**Assignment:** Using the data below, count the lines that carry the string "classes" and write only the count.

**Records for this task:**
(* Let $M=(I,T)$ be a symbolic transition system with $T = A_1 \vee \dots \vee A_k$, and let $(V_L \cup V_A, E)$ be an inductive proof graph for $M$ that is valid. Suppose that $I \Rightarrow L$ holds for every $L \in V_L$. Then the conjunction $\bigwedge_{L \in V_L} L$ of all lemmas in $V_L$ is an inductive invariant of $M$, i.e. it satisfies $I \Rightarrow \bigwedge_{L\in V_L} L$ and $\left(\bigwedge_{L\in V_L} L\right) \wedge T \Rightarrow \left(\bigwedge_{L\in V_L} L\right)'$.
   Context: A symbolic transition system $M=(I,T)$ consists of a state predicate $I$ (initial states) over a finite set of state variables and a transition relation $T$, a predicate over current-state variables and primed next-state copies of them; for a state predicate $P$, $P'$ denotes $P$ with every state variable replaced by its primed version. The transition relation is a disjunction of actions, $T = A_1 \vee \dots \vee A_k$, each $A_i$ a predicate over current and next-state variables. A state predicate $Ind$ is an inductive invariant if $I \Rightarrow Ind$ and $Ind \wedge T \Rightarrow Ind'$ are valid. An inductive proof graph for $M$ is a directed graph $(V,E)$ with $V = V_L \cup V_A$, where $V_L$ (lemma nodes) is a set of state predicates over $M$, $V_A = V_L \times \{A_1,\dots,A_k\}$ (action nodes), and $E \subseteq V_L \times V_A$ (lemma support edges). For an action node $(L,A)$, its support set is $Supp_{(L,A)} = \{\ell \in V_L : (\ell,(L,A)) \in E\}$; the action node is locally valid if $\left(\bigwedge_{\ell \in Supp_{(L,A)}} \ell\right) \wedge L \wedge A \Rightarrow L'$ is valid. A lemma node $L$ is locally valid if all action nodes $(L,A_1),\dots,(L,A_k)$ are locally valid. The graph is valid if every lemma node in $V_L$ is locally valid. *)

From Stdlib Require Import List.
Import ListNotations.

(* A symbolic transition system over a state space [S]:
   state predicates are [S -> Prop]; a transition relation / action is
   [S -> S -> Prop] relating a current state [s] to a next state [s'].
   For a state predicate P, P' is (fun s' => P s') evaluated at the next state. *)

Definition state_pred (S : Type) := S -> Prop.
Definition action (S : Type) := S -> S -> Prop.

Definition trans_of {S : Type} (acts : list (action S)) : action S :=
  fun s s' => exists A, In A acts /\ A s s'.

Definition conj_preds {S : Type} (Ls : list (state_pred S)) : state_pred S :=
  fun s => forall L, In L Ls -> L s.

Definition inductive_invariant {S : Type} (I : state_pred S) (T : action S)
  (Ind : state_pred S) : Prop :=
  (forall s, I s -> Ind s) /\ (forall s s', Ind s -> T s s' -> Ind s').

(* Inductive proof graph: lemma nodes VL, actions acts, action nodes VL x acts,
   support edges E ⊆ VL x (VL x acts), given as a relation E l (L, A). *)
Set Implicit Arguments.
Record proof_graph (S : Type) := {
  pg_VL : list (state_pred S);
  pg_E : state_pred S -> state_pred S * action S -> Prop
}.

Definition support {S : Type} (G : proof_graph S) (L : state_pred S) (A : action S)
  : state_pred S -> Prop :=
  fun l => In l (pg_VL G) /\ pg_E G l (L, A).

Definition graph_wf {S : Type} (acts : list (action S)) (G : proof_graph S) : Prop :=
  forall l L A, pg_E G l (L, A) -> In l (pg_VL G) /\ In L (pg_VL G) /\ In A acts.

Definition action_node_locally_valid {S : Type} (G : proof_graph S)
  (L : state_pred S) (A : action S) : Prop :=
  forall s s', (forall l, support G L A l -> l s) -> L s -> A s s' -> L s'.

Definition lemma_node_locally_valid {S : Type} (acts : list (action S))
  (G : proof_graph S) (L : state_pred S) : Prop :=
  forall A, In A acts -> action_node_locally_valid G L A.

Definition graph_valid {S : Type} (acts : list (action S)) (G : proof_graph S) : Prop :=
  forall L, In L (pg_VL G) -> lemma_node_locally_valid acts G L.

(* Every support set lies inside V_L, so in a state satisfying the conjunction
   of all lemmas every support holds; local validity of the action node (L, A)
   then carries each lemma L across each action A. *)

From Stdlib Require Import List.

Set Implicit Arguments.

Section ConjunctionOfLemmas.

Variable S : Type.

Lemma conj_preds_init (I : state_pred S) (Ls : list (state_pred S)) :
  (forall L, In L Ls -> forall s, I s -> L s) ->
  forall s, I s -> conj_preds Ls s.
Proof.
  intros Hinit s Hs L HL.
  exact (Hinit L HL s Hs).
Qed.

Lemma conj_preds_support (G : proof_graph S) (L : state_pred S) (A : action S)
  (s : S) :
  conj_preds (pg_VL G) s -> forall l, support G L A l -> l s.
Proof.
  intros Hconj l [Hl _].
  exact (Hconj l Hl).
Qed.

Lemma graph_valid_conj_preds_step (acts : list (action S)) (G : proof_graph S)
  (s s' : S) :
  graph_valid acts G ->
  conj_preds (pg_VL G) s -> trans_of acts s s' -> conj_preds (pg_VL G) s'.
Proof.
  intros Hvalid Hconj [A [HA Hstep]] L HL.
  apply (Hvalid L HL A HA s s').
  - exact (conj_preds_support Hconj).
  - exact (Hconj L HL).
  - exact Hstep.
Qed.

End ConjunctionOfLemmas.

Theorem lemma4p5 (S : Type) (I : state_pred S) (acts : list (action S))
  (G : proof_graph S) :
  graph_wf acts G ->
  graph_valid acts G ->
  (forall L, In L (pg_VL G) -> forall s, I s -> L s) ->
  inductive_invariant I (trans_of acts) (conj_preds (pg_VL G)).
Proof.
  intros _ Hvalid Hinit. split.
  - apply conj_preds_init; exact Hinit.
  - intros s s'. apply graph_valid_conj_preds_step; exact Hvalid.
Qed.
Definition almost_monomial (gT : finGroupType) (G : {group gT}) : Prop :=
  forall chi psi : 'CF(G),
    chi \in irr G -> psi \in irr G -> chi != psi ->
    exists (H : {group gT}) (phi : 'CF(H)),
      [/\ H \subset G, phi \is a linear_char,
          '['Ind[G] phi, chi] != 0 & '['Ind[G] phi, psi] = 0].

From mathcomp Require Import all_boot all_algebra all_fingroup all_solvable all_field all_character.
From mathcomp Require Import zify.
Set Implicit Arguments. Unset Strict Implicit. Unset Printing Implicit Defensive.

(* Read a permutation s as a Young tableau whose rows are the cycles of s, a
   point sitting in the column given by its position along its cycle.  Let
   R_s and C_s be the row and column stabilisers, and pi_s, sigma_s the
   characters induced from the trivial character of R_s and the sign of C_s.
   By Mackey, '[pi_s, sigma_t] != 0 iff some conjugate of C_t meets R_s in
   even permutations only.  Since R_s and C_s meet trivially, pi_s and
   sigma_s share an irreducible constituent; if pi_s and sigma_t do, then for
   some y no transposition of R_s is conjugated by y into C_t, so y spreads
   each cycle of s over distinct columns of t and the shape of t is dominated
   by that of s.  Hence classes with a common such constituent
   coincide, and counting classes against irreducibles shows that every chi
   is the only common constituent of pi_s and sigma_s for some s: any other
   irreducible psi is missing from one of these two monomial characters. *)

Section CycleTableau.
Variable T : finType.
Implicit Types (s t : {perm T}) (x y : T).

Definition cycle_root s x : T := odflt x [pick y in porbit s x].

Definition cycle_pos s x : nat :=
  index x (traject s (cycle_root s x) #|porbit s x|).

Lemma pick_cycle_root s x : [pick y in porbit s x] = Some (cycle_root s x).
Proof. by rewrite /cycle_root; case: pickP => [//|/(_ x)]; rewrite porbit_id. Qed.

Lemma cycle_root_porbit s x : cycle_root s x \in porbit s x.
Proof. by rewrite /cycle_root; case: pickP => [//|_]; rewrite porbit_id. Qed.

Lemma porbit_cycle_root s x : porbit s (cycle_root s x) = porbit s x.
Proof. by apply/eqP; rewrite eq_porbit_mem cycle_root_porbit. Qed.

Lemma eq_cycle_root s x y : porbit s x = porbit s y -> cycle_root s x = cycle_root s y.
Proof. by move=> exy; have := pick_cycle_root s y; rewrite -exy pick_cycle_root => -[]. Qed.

**Response to the exercise:** 2